### DATA TO EXAMINE
Definition lr_kernel x1 x2 x3 x4 := b x3 (x1 * S x2 * x4).

Definition lr_transfer x y := sweedler2 (lr_kernel x) y.

Lemma lr_kernel_balanced1 x : HtHtH_balanced (lr_kernel x).
Proof.
rewrite /lr_kernel.
split=> [u u' v w | u v v' w | u v w w' | a u v w | a u v w].
- by rewrite antipodeD mulrDr mulrDl bDr.
- by rewrite bDl.
- by rewrite mulrDr bDr.
- by rewrite antipodeM (S_t HA) bsA; congr (b _ _); ring.
- by rewrite [v * t a]mulrC btA; congr (b _ _); ring.
Qed.

Lemma lr_kernel_balanced4 w : HtHtH_balanced (fun x y z => lr_kernel x y z w).
Proof.
rewrite /lr_kernel.
split=> [x x' y z | x y y' z | x y z z' | a x y z | a x y z].
- by rewrite !mulrDl bDr.
- by rewrite antipodeD mulrDr mulrDl bDr.
- by rewrite bDl.
- by rewrite antipodeM (S_s HA) !mulrA.
- by rewrite antipodeM (S_t HA) bsA; congr (b _ _); ring.
Qed.

Lemma lr_kernel_counit y w :
  sweedler2 (fun x y z => lr_kernel x y z w) y = b y w.
Proof.
transitivity (b (\sum_(p <- Delta y) s (eps p.1) * p.2) w); last first.
  by rewrite (counit_l HA).
rewrite (additive_sum (b^~ w)) //; apply: eq_bigr => p _.
rewrite bsA -(antipode_r HA) mulr_suml (additive_sum (b p.2)) //.
Qed.

Lemma lr_transfer_balanced : quotr_balanced lr_transfer.
Proof.
rewrite /lr_transfer; split=> // [x x' y | x y y' | a x y | x y yI].
- rewrite -sweedler2_split; apply: eq_sweedler2 => u v w.
  by rewrite /lr_kernel !mulrDl bDr.
- exact: (sweedler2D (lr_kernel_balanced1 x)).
- rewrite sweedler2_sM; last exact: lr_kernel_balanced1.
  by apply: eq_sweedler2 => u v w; rewrite /lr_kernel antipodeM (S_s HA) !mulrA.
have hd : quotl_balanced (fun u v => b u (x * v)).
  split=> [u u' v | u v v' | a u v | u v uI | //].
  - exact: bDl.
  - by rewrite mulrDr bDr.
  - by rewrite mulrC bsA; congr (b _ _); ring.
  - exact: bI.
rewrite -(normal_sweedler2_eq0 hd yI); apply: eq_sweedler2 => u v w.
by rewrite /lr_kernel mulrA.
Qed.

Lemma lr_transfer_unit h : lr_transfer h 1 = b 1 h.
Proof.
rewrite /lr_transfer sweedler2_1; last exact: lr_kernel_balanced1.
by rewrite /lr_kernel antipode1 !mulr1.
Qed.

Lemma lr_transfer_Delta h : sweedler lr_transfer h = sweedler b h.
Proof.
rewrite [LHS](sweedler2_coassoc h lr_kernel_balanced1 lr_kernel_balanced4).
by apply: eq_bigr => p _; rewrite lr_kernel_counit.
Qed.

End LeftToRight.

Section RightToLeft.
Variables (P : zmodType) (b : H -> H -> P).
Hypothesis hb : quotr_balanced b.

Let bDl u u' v : b (u + u') v = b u v + b u' v. Proof. by case: hb. Qed.
Let bDr u v v' : b u (v + v') = b u v + b u v'. Proof. by case: hb. Qed.
Let bI u v : v \in I -> b u v = 0. Proof. by case: hb => _ _ _ _; apply. Qed.
Let btA a u v : b (u * t a) v = b u (s a * v). Proof. by case: hb. Qed.
Let btR a u v : b u (v * t a) = b (u * t a) v.
Proof. by rewrite mulrC quotr_balanced_tM // btA. Qed.

Definition rl_kernel x1 x2 x3 x4 := b (x1 * S x3 * x4) x2.

Definition rl_transfer y x :=
  sweedler2 (fun y1 y2 y3 => rl_kernel y1 y2 y3 x) y.

Lemma rl_kernel_balanced1 x : HtHtH_balanced (rl_kernel x).
Proof.
rewrite /rl_kernel.
split=> [u u' v w | u v v' w | u v w w' | a u v w | a u v w].
- by rewrite bDr.
- by rewrite antipodeD mulrDr mulrDl bDl.
- by rewrite mulrDr bDl.
- by rewrite antipodeM (S_s HA) btR; congr (b _ _); ring.
- by rewrite antipodeM (S_t HA) !mulrA.
Qed.

Lemma rl_kernel_balanced4 w : HtHtH_balanced (fun x y z => rl_kernel x y z w).
Proof.
rewrite /rl_kernel.
split=> [x x' y z | x y y' z | x y z z' | a x y z | a x y z].
- by rewrite !mulrDl bDl.
- by rewrite bDr.
- by rewrite antipodeD mulrDr mulrDl bDl.
- by rewrite -btA; congr (b _ _); ring.
- by rewrite antipodeM (S_s HA) btR; congr (b _ _); ring.
Qed.

Lemma rl_kernel_counit x y : sweedler2 (rl_kernel x) y = b x y.
Proof.
rewrite sweedler2E; last exact: rl_kernel_balanced1.
transitivity (b x (\sum_(p <- Delta y) t (eps p.2) * p.1)); last first.
  by rewrite (counit_r HA).
rewrite (additive_sum (b x)) //; apply: eq_bigr => p _.
rewrite mulrC btR -(antipode_l HA) mulr_sumr (additive_sum (b^~ p.1)) //.
by apply: eq_bigr => q _; rewrite /rl_kernel mulrA.
Qed.

Lemma rl_transfer_balanced : quotl_balanced rl_transfer.
Proof.
rewrite /rl_transfer; split=> [y y' x | y x x' | a y x | y x yI | //].
- exact: (sweedler2D (rl_kernel_balanced4 x)).
- rewrite -sweedler2_split; apply: eq_sweedler2 => u v w.
  by rewrite /rl_kernel mulrDr bDl.
- rewrite mulrC sweedler2_sM; last exact: rl_kernel_balanced4.
  by apply: eq_sweedler2 => u v w; rewrite /rl_kernel; congr (b _ _); ring.
have hd : quotl_balanced (fun u v => b (S v * x) u).
  split=> [u u' v | u v v' | a u v | u v uI | //].
  - exact: bDr.
  - by rewrite antipodeD mulrDl bDl.
  - by rewrite antipodeM (S_s HA) [u * s a]mulrC -btA; congr (b _ _); ring.
  - exact: bI.
rewrite -(normal_sweedler2_eq0 hd yI); apply: eq_sweedler2 => u v w.
by rewrite /rl_kernel antipodeM (S_invol HA).
Qed.

Lemma rl_transfer_unit h : rl_transfer 1 h = b h 1.
Proof.
rewrite /rl_transfer sweedler2_1; last exact: rl_kernel_balanced4.
by rewrite /rl_kernel antipode1 !mul1r.
Qed.

Lemma rl_transfer_Delta h : sweedler rl_transfer h = sweedler b h.
Proof.
rewrite -[LHS](sweedler2_coassoc h rl_kernel_balanced1 rl_kernel_balanced4).
by apply: eq_bigr => p _; rewrite rl_kernel_counit.
Qed.

End RightToLeft.

Lemma left_to_right h :
    tensor_eq (fun a (u : H) => u * t a) (fun a (v : H) => s a * v)
              (fun _ => False) (fun v => v \in I) (Delta h) [:: (h, 1)] ->
  tensor_eq (fun a (u : H) => u * s a) (fun a (v : H) => s a * v)
            (fun u => u \in I) (fun _ => False) (Delta h) [:: (1, h)].
Proof.
move=> hL P b hb; rewrite big_seq1 -(lr_transfer_unit hb).
rewrite -[LHS]/(sweedler b h) -(lr_transfer_Delta hb).
by rewrite [LHS](hL P _ (lr_transfer_balanced hb)) big_seq1.
Qed.

Lemma right_to_left h :
    tensor_eq (fun a (u : H) => u * s a) (fun a (v : H) => s a * v)
              (fun u => u \in I) (fun _ => False) (Delta h) [:: (1, h)] ->
  tensor_eq (fun a (u : H) => u * t a) (fun a (v : H) => s a * v)
            (fun _ => False) (fun v => v \in I) (Delta h) [:: (h, 1)].
Proof.
move=> hR P b hb; rewrite big_seq1 -(rl_transfer_unit hb).
rewrite -[LHS]/(sweedler b h) -(rl_transfer_Delta hb).
by rewrite [LHS](hR P _ (rl_transfer_balanced hb)) big_seq1.
Qed.

End HopfAlgebroid.

Unset Implicit Arguments.

Theorem lemma3p23 (k : fieldType) (A H : comAlgType k)
    (s t : {lrmorphism A -> H}) (eps : {lrmorphism H -> A})
    (Delta : H -> seq (H * H)) (S : {lrmorphism H -> H}) (I : {pred H}) :
  hopf_algebroid s t eps Delta S ->
  hopf_ideal s t eps Delta S I ->
  normal_ideal s t Delta S I ->
  forall h : H,
    tensor_eq (fun a (u : H) => u * t a) (fun a (v : H) => s a * v)
              (fun _ => False) (fun v => v \in I) (Delta h) [:: (h, 1)]
    <->
    tensor_eq (fun a (u : H) => u * s a) (fun a (v : H) => s a * v)
              (fun u => u \in I) (fun _ => False) (Delta h) [:: (1, h)].
Proof.
move=> HA _ HN h; split.
  exact: (left_to_right HA HN).
exact: (right_to_left HA HN).
Qed.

### PROBLEM DETAILS
From the line holding "normal_ideal s t Delta S I ->" to the last line of the material above, reproduce every line exactly, and only those.

### TASK SOLUTION
  normal_ideal s t Delta S I ->
  forall h : H,
    tensor_eq (fun a (u : H) => u * t a) (fun a (v : H) => s a * v)
              (fun _ => False) (fun v => v \in I) (Delta h) [:: (h, 1)]
    <->
    tensor_eq (fun a (u : H) => u * s a) (fun a (v : H) => s a * v)
              (fun u => u \in I) (fun _ => False) (Delta h) [:: (1, h)].
Proof.
move=> HA _ HN h; split.
  exact: (left_to_right HA HN).
exact: (right_to_left HA HN).
Qed.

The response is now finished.